Rain. Thundering, stormy rain. The night was threateningly black, hardly dissipated in areas by dim streetlights. The hot, heavy breath of the Earth stifled the air, the forceful rain pounded the pavements, pouring in freezing sheets that evaporated the moment they hit the furnace-like roads. The entrance of St Mungo's was quiet, deceptively so. At the witching hour of midnight, Nature was in turmoil, but the Wizarding world was silent. Or maybe only the surface was calm, the interior brimming with things that were best left unsaid, deeds better left undone.

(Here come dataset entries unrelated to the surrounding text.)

(* The composition m is defined on the pullback C1 _s x_t C1, i.e. on   *)
(* pairs (x,y) with s x = t y; we encode it as a function taking a      *)
(* proof of composability.  Being a morphism of crossed modules out of  *)
(* the (componentwise) pullback crossed module is spelled out below.    *)
Unset Implicit Arguments.
Record IntCatXMod := {
  ic1 : XMod;
  ic0 : XMod;
  sA : xA ic1 -> xA ic0;
  sB : xB ic1 -> xB ic0;
  tA : xA ic1 -> xA ic0;
  tB : xB ic1 -> xB ic0;
  eA : xA ic0 -> xA ic1;
  eB : xB ic0 -> xB ic1;
  mA : forall x y : xA ic1, sA x = tA y -> xA ic1;
  mB : forall x y : xB ic1, sB x = tB y -> xB ic1;
  s_xmorph : is_xmorph ic1 ic0 sA sB;
  t_xmorph : is_xmorph ic1 ic0 tA tB;
  e_xmorph : is_xmorph ic0 ic1 eA eB;
  mA_hom : forall x y x' y' (H : sA x = tA y) (H' : sA x' = tA y')
             (H'' : sA (x + x') = tA (y + y')),
             mA (x + x') (y + y') H'' = mA x y H + mA x' y' H';
  mB_hom : forall x y x' y' (H : sB x = tB y) (H' : sB x' = tB y')
             (H'' : sB (x + x') = tB (y + y')),
             mB (x + x') (y + y') H'' = mB x y H + mB x' y' H';
  m_alpha : forall x y (H : sA x = tA y)
              (H' : sB (xalpha ic1 x) = tB (xalpha ic1 y)),
              mB (xalpha ic1 x) (xalpha ic1 y) H' = xalpha ic1 (mA x y H);
  m_act : forall b b' x y (Hb : sB b = tB b') (Hx : sA x = tA y)
            (H' : sA (xact ic1 b x) = tA (xact ic1 b' y)),
            mA (xact ic1 b x) (xact ic1 b' y) H' = xact ic1 (mB b b' Hb) (mA x y Hx);
  seA : forall a, sA (eA a) = a;
  seB : forall b, sB (eB b) = b;
  teA : forall a, tA (eA a) = a;
  teB : forall b, tB (eB b) = b;
  smA : forall x y (H : sA x = tA y), sA (mA x y H) = sA y;
  smB : forall x y (H : sB x = tB y), sB (mB x y H) = sB y;
  tmA : forall x y (H : sA x = tA y), tA (mA x y H) = tA x;
  tmB : forall x y (H : sB x = tB y), tB (mB x y H) = tB x;
  assocA : forall x y z (H1 : sA x = tA y) (H2 : sA y = tA z)
             (H3 : sA x = tA (mA y z H2)) (H4 : sA (mA x y H1) = tA z),
             mA x (mA y z H2) H3 = mA (mA x y H1) z H4;
  assocB : forall x y z (H1 : sB x = tB y) (H2 : sB y = tB z)
             (H3 : sB x = tB (mB y z H2)) (H4 : sB (mB x y H1) = tB z),
             mB x (mB y z H2) H3 = mB (mB x y H1) z H4;
  unitlA : forall x (H : sA (eA (tA x)) = tA x), mA (eA (tA x)) x H = x;
  unitrA : forall x (H : sA x = tA (eA (sA x))), mA x (eA (sA x)) H = x;
  unitlB : forall x (H : sB (eB (tB x)) = tB x), mB (eB (tB x)) x H = x;
  unitrB : forall x (H : sB x = tB (eB (sB x))), mB x (eB (sB x)) H = x }.
Set Implicit Arguments.

Record crossed_square (L M N P : Grp) (lam : L -> M) (lam' : L -> N)
    (mu : M -> P) (nu : N -> P)
    (aL : P -> L -> L) (aM : P -> M -> M) (aN : P -> N -> N)
    (h : M -> N -> L) : Prop := {
  cs_lam_hom : is_hom lam;
  cs_lam'_hom : is_hom lam';
  cs_mu_hom : is_hom mu;
  cs_nu_hom : is_hom nu;
  cs_comm : forall l, nu (lam' l) = mu (lam l);
  cs_actL : is_action aL;
  cs_actM : is_action aM;
  cs_actN : is_action aN;
  cs_lam_equiv : forall p l, lam (aL p l) = aM p (lam l);
  cs_lam'_equiv : forall p l, lam' (aL p l) = aN p (lam' l);
  cs_mu_xmod : is_xmod aM mu;
  cs_nu_xmod : is_xmod aN nu;
  cs_mulam_xmod : is_xmod aL (fun l => mu (lam l));
  cs_lam_h : forall m n, lam (h m n) = m + aM (nu n) (- m);
  cs_lam'_h : forall m n, lam' (h m n) = aN (mu m) n - n;
  cs_h_laml : forall l n, h (lam l) n = l + aL (nu n) (- l);
  cs_h_lam'r : forall m l, h m (lam' l) = aL (mu m) l - l;
  cs_hDl : forall m m' n, h (m + m') n = aL (mu m) (h m' n) + h m n;
  cs_hDr : forall m n n', h m (n + n') = h m n + aL (nu n) (h m n');
  cs_hP : forall p m n, h (aM p m) (aN p n) = aL p (h m n) }.

Section Sub.
Variables (G : Grp) (S : G -> Prop) (S0 : S 0)
  (SD : forall x y, S x -> S y -> S (x + y)) (SN : forall x, S x -> S (- x)).

Definition sub_car := {x : G | S x}.
Definition sub_add (u v : sub_car) : sub_car :=
  exist _ (proj1_sig u + proj1_sig v) (SD (proj2_sig u) (proj2_sig v)).
Definition sub_zero : sub_car := exist _ 0 S0.
Definition sub_opp (u : sub_car) : sub_car := exist _ (- proj1_sig u) (SN (proj2_sig u)).

Lemma sub_eq (u v : sub_car) : proj1_sig u = proj1_sig v -> u = v.
Proof.
  destruct u as [x hx], v as [y hy]; simpl; intro E; subst y.
  f_equal; apply proof_irrelevance.
Qed.

Definition subGrp : Grp :=
  {| gcar := sub_car; gadd := sub_add; gzero := sub_zero; gopp := sub_opp;
     gaddA := fun x y z => @sub_eq (sub_add x (sub_add y z)) (sub_add (sub_add x y) z)
                 (gaddA _ _ _);
     gadd0l := fun x => @sub_eq (sub_add sub_zero x) x (gadd0l _);
     gadd0r := fun x => @sub_eq (sub_add x sub_zero) x (gadd0r _);
     gaddNl := fun x => @sub_eq (sub_add (sub_opp x) x) sub_zero (gaddNl _);
     gaddNr := fun x => @sub_eq (sub_add x (sub_opp x)) sub_zero (gaddNr _) |}.
End Sub.

Section Kernel.
Variables (G H : Grp) (f : G -> H) (hf : is_hom f).
Lemma gcoef_gof g h : gcoef (gof C h) g = if `[< h = g >] then 1 else 0.
Proof. by rewrite /gcoef big_seq1. Qed.

Lemma gcoef_gsub a b g : gcoef (gsub a b) g = gcoef a g - gcoef b g.
Proof. by rewrite gcoef_cat gcoef_scale mulN1r. Qed.

Lemma gcoefE a g : gcoef a g = gpair a (fun h => if `[< h = g >] then 1 else 0).
Proof. by apply: eq_bigr => x _; case: ifP; rewrite ?mulr1 ?mulr0. Qed.

Lemma gpair_cat a b F : gpair (a ++ b) F = gpair a F + gpair b F.
Proof. by rewrite /gpair big_cat. Qed.

Lemma gpair_scale c a F : gpair (gscale c a) F = c * gpair a F.
Proof. by rewrite /gpair big_map mulr_sumr; apply: eq_bigr => x _; rewrite mulrA. Qed.

Definition gdrop a h := [seq x <- a | ~~ `[< x.2 = h >]].

Lemma gpair_split a F h : gpair a F = F h * gcoef a h + gpair (gdrop a h) F.
Proof.
rewrite /gpair /gcoef (bigID (fun x => `[< x.2 = h >])) /= big_filter.
congr (_ + _); rewrite big_mkcond mulr_sumr; apply: eq_bigr => x _.
by case: asboolP => [->|]; rewrite ?mulr0 // mulrC.
Qed.

Lemma gcoef_gdrop a h g :
  gcoef (gdrop a h) g = if `[< g = h >] then 0 else gcoef a g.
Proof.
rewrite /gcoef big_filter; case: asboolP => [->|ngh].
  by rewrite big1 // => x /asboolPn nx; case: asboolP.
rewrite [RHS](bigID (fun x => `[< x.2 = h >])) /= [X in _ = X + _]big1 ?add0r //.
by move=> x /asboolP ->; case: asboolP => // e; case: ngh.
Qed.

(* A formal sum is a list with repetitions: induct on its length, removing all
   occurrences of the head element at once. *)
Lemma gpair_congr a F F' :
  (forall g, gcoef a g != 0 -> F g = F' g) -> gpair a F = gpair a F'.
Proof.
move: {2}(size a) (leqnn (size a)) => n; elim: n a => [|n IH] [|x a] //= Hs HF;
  try by rewrite /gpair !big_nil.
rewrite [LHS](gpair_split _ _ x.2) [RHS](gpair_split _ _ x.2); congr (_ + _).
  by have [->|/HF ->] := eqVneq (gcoef (x :: a) x.2) 0; rewrite ?mulr0.
apply: IH => [|g]; last first.
  by rewrite gcoef_gdrop; case: asboolP => _; [rewrite eqxx | exact: HF].
rewrite /gdrop /= asboolT //= size_filter.
exact: leq_trans (count_size _ _) Hs.
Qed.

Lemma gpair_eq0 a F : (forall g, gcoef a g = 0) -> gpair a F = 0.
Proof.
move=> Ha; rewrite (@gpair_congr a F (fun=> 0)) => [|g]; last by rewrite Ha eqxx.
by rewrite /gpair big1 // => x _; rewrite mulr0.
Qed.

Lemma gpair_eq a b F : ga_eq a b -> gpair a F = gpair b F.
Proof.
move=> Hab; apply/eqP; rewrite -subr_eq0 -mulN1r -gpair_scale -gpair_cat.
by apply/eqP/gpair_eq0 => g; rewrite gcoef_cat gcoef_scale Hab mulN1r subrr.
Qed.

Lemma gpair_neq0 a F : gpair a F != 0 -> exists g, gcoef a g != 0 /\ F g != 0.
Proof.
move=> Hne; apply: contrapT => noG; move/eqP: Hne; apply.
rewrite (@gpair_congr a F (fun=> 0)) => [|g ag]; last first.
  by apply/eqP; apply: contraT => Fg; case: noG; exists g.
by rewrite /gpair big1 // => x _; rewrite mulr0.
Qed.

Definition gsqnorm a := gpair a (fun g => (gcoef a g)^*).

Lemma gsqnorm_gt0 a : ~ ga_eq a (gzero C G) -> 0 < gsqnorm a.
Proof.
suff [ge0 eq0] : 0 <= gsqnorm a /\ (gsqnorm a = 0 -> ga_eq a (gzero C G)).
  by move=> a_neq0; rewrite lt0r ge0 andbT; apply/eqP => /eq0.
move: {2}(size a) (leqnn (size a)) => n; elim: n a => [|n IH] [|x a] //= Hs;
  try by rewrite /gsqnorm /gpair big_nil; split => // _ g.
set b := x :: a; set h := x.2.
have Hs' : (size (gdrop b h) <= n)%N.
  rewrite /gdrop /= asboolT //= size_filter; exact: leq_trans (count_size _ _) Hs.
have [IH1 IH2] := IH _ Hs'.
have -> : gsqnorm b = (gcoef b h)^* * gcoef b h + gsqnorm (gdrop b h).
  rewrite /gsqnorm (gpair_split _ _ h); congr (_ + _).
  rewrite /gpair /gdrop !big_filter; apply: eq_bigr => y /asboolPn ny.
  by rewrite gcoef_gdrop; case: asboolP.
have P1 : 0 <= (gcoef b h)^* * gcoef b h by rewrite mulrC mul_conjC_ge0.
split; first exact: addr_ge0.
move/eqP; rewrite paddr_eq0 // => /andP[/eqP h1 /eqP /IH2 h2] g.
have c0 : gcoef b h = 0 by apply/eqP; rewrite -mul_conjC_eq0 mulrC h1.
by have := h2 g; rewrite gcoef_gdrop; case: asboolP => [->|_ //]; rewrite c0.
Qed.

Variable G' : Type.
Implicit Types f : G -> G'.

Definition gmap f a : galg C G' := [seq (x.1, f x.2) | x <- a].

Lemma gcoef_gmap f a (k : G') :
  gcoef (gmap f a) k = gpair a (fun g => if `[< f g = k >] then 1 else 0).
Proof.
rewrite /gcoef big_map; apply: eq_bigr => x _ /=.
by case: ifP; rewrite ?mulr1 ?mulr0.
Qed.

Lemma gcoef_gmap_inj f a g : injective f -> gcoef (gmap f a) (f g) = gcoef a g.
Proof.
move=> f_inj; rewrite gcoef_gmap gcoefE; congr gpair; apply: funext => g' /=.
by case: asboolP => [/f_inj|]; case: asboolP => // ->.
Qed.

Lemma gmap_eq f a b : ga_eq a b -> ga_eq (gmap f a) (gmap f b).
Proof. by move=> Hab k; rewrite !gcoef_gmap (gpair_eq _ Hab). Qed.

End FormalSums.

Section GroupAlgebra.
Variables (C : numClosedFieldType) (G : groupType).
Implicit Types (a b : galg C G) (c d : C) (g h : G).
Local Notation invG := (fun x : G => x^-1)%g.

Lemma gcoef_gmul_sum a b g : gcoef (gmul *%g a b) g =
  \sum_(x <- a) \sum_(y <- b) (if `[< (x.2 * y.2)%g = g >] then x.1 * y.1 else 0).
Proof. exact: big_allpairs_dep. Qed.

Lemma gcoef_gmul a b g :
  gcoef (gmul *%g a b) g = gpair a (fun h => gcoef b (h^-1 * g)%g).
Proof.
rewrite gcoef_gmul_sum /gpair; apply: eq_bigr => x _.
rewrite mulr_sumr; apply: eq_bigr => y _ /=.
have -> : ((x.2 * y.2)%g = g) = (y.2 = (x.2^-1 * g)%g).
  by apply/propext; split => [<-|->]; rewrite ?mulKg ?mulVKg.
by case: ifP; rewrite ?mulr0.
Qed.

Lemma gmul_eq a a' b b' :
  ga_eq a a' -> ga_eq b b' -> ga_eq (gmul *%g a b) (gmul *%g a' b').
Proof.
move=> Ha Hb g; rewrite !gcoef_gmul (gpair_eq _ Ha); congr gpair.
by apply: funext => h; rewrite Hb.
Qed.

Lemma gcoef_gstar a g : gcoef (gstar invG a) g = (gcoef a g^-1%g)^*.
Proof.
rewrite /gcoef /gstar big_map rmorph_sum; apply: eq_bigr => x _ /=.
have -> : ((x.2^-1)%g = g) = (x.2 = (g^-1)%g).
  by apply/propext; split => [<-|->]; rewrite invgK.
by case: ifP; rewrite ?rmorph0.
Qed.

(* C[G] is the quotient of formal sums by [ga_eq], each element being
   represented by its coefficient function. *)
Record grpalg := GrpAlg { coef : G -> C ; coefP : exists a : galg C G, gcoef a = coef }.

Implicit Types p q : grpalg.

HB.instance Definition _ := gen_eqMixin grpalg.
HB.instance Definition _ := gen_choiceMixin grpalg.

Definition cl a : grpalg := @GrpAlg (gcoef a) (ex_intro _ a erefl).
Definition rep (q : grpalg) : galg C G := projT1 (cid (coefP q)).

Lemma coef_inj : injective coef.
Proof. by case=> f fP [g gP] /= efg; subst g; congr GrpAlg; exact: Prop_irrelevance. Qed.

Lemma coef_cl a : coef (cl a) = gcoef a.
Proof. by []. Qed.

Lemma gcoef_rep q : gcoef (rep q) = coef q.
Proof. exact: projT2 (cid (coefP q)). Qed.

Lemma repK : cancel rep cl.
Proof. by move=> q; apply: coef_inj; rewrite coef_cl gcoef_rep. Qed.

Lemma clP a b : cl a = cl b <-> ga_eq a b.
Proof.
by split=> [/(congr1 coef) /= Hab g | /funext Hab]; [rewrite Hab | exact: coef_inj].
Qed.

Lemma grpalg_ind (P : grpalg -> Prop) : (forall a, P (cl a)) -> forall q, P q.
Proof. by move=> Pcl q; rewrite -(repK q). Qed.

Definition ga_add p q := cl (rep p ++ rep q).
Definition ga_opp p := cl (gscale (-1) (rep p)).

Lemma cl_ga_add a b : cl (a ++ b) = ga_add (cl a) (cl b).
Proof. by apply/clP => g; rewrite !gcoef_cat !gcoef_rep. Qed.

Lemma cl_ga_opp a : cl (gscale (-1) a) = ga_opp (cl a).
Proof. by apply/clP => g; rewrite !gcoef_scale !gcoef_rep. Qed.

Lemma ga_addA : associative ga_add.
Proof.
by elim/grpalg_ind=> a; elim/grpalg_ind=> b; elim/grpalg_ind=> c; rewrite -!cl_ga_add catA.
Qed.

Lemma ga_addC : commutative ga_add.
Proof.
elim/grpalg_ind=> a; elim/grpalg_ind=> b; rewrite -!cl_ga_add; apply/clP => g.
by rewrite !gcoef_cat addrC.
Qed.

Lemma ga_add0 : left_id (cl [::]) ga_add.
Proof. by elim/grpalg_ind=> a; rewrite -cl_ga_add. Qed.
Lemma Llcm_divide r m p l j : (1 <= l <= r)%nat -> (1 <= j <= m l)%nat ->
  Nat.divide (p l j) (Llcm r m p).
Proof.
  intros Hl Hj. apply fold_right_lcm_divide, in_flat_map. exists l.
  split; [apply in_seq; lia|]. apply in_map, in_seq. lia.
Qed.

Lemma Llcm_pos r m p :
  (forall l j, (1 <= l <= r)%nat -> (1 <= j <= m l)%nat -> (0 < p l j)%nat) ->
  (1 <= Llcm r m p)%nat.
Proof.
  intros Hp. apply fold_right_lcm_pos. intros x Hx.
  apply in_flat_map in Hx as [l [Hl Hx]]. apply in_map_iff in Hx as [j [<- Hj]].
  apply in_seq in Hl, Hj. apply Hp; lia.
Qed.

Lemma letter_term_opp z q n : z ^ n * Cpow_real n q = letter_term (- q, z) n.
Proof.
  unfold letter_term; simpl.
  assert (Hq : Cpow_real n (- q) * Cpow_real n q = 1)
    by (rewrite <- Cpow_real_plus, Cplus_comm, Cplus_opp_r; apply Cpow_real_0).
  pose proof (Cpow_real_neq_0 n (- q)).
  transitivity (z ^ n * (Cpow_real n (- q) * Cpow_real n q) / Cpow_real n (- q)).
  - field. assumption.
  - rewrite Hq. field. assumption.
Qed.

Lemma Fl_letter_term z q m alpha p e l n :
  Fl z q m alpha p e l n =
  letter_term (- q l, z l) n * prodl (seq 1 (m l)) (fun j => H (alpha l j) (p l j * n) ^ e l j).
Proof.
  unfold Fl. rewrite Cpow_nat_Cpow, letter_term_opp. reflexivity.
Qed.

Lemma Hspan_scaled_nested r z q m alpha p e L : (1 <= L)%nat ->
  (forall l j, (1 <= l <= r)%nat -> (1 <= j <= m l)%nat -> Nat.divide (p l j) L) ->
  Hspan_scaled L (nested (Fl z q m alpha p e) r).
Proof.
  intros HL. induction r as [|r IH]; intros Hdiv; [exact (Hspan_scaled_1 L)|].
  set (P n := prodl (seq 1 (m (S r))) (fun j => H (alpha (S r) j) (p (S r) j * n) ^ e (S r) j)).
  apply (Hspan_scaled_ext L (fun k => sum1 k (fun n =>
           letter_term (- q (S r), z (S r)) n * (P n * nested (Fl z q m alpha p e) r n)))).
  { intros k. apply sum1_ext. intros n _. rewrite Fl_letter_term. apply Cmult_assoc. }
  apply Hspan_scaled_sum1; [exact HL|]. apply Hspan_scaled_mult.
  - apply Hspan_scaled_prodl. intros j Hj. apply in_seq in Hj.
    apply Hspan_scaled_pow, Hspan_scaled_H; [exact HL|]. apply Hdiv; lia.
  - apply IH. intros l j Hl Hj. apply Hdiv; lia.
Qed.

In that tempestuous night, through the glass display of a dilapidated brick-work building, the hidden entrance of the most famous Wizarding Hospital, a figure darted out. It was a mere silhouette in the darkest of nights, a figure which ran and ran on the slippery pavements like the very hounds of the Devil were after him, then twisted in mid-air and disappeared with a pop.
Albus didn't know where he was. He didn't care. All he knew was that, wherever, wherever he had Apparated, it was far away from the hospital. And it was still raining. The rain, hot and cold, merciless, beat down on his arms like a frenzied sprite, poured down his sleeves, drenched his socks, scoured his face. Salty trails, running down his cheeks mingled with the rain and flowed freely. Albus lifted up his face to the heavens, willing the dirt, the grime, the sickness to be scoured away by the purifying acid, the rain. But it was no use. The nausea twisted and curled in his stomach like a furious Basilisk, and Albus could hold it in no longer. His dark hair whipped in the rain as he fell to his knees and retched, black bile clawing up his throat and forced to the ground. He vomited till the pain receded, till the nausea stopped, till the world stopped spinning wildly before him. But the images were burned on the back of his eyelids, and try as he would, the fresh waves of sickness and nausea hit him again, and again, till his stomach cried in protest, till the vomit was food no more, but pure water and bile.
His knees were digging painfully into the stone pavement, his hands in a claw-like grip. The world was a mere blur. The stench burning his throat and nostrils was intolerable. His ears could hear nothing, not footsteps, not words, not voices. His limbs were shaking. But Albus stayed, kneeling, in the pouring rain. It wasn't that he didn't want to get up. It was more of how he couldn't. Not anymore. Never again.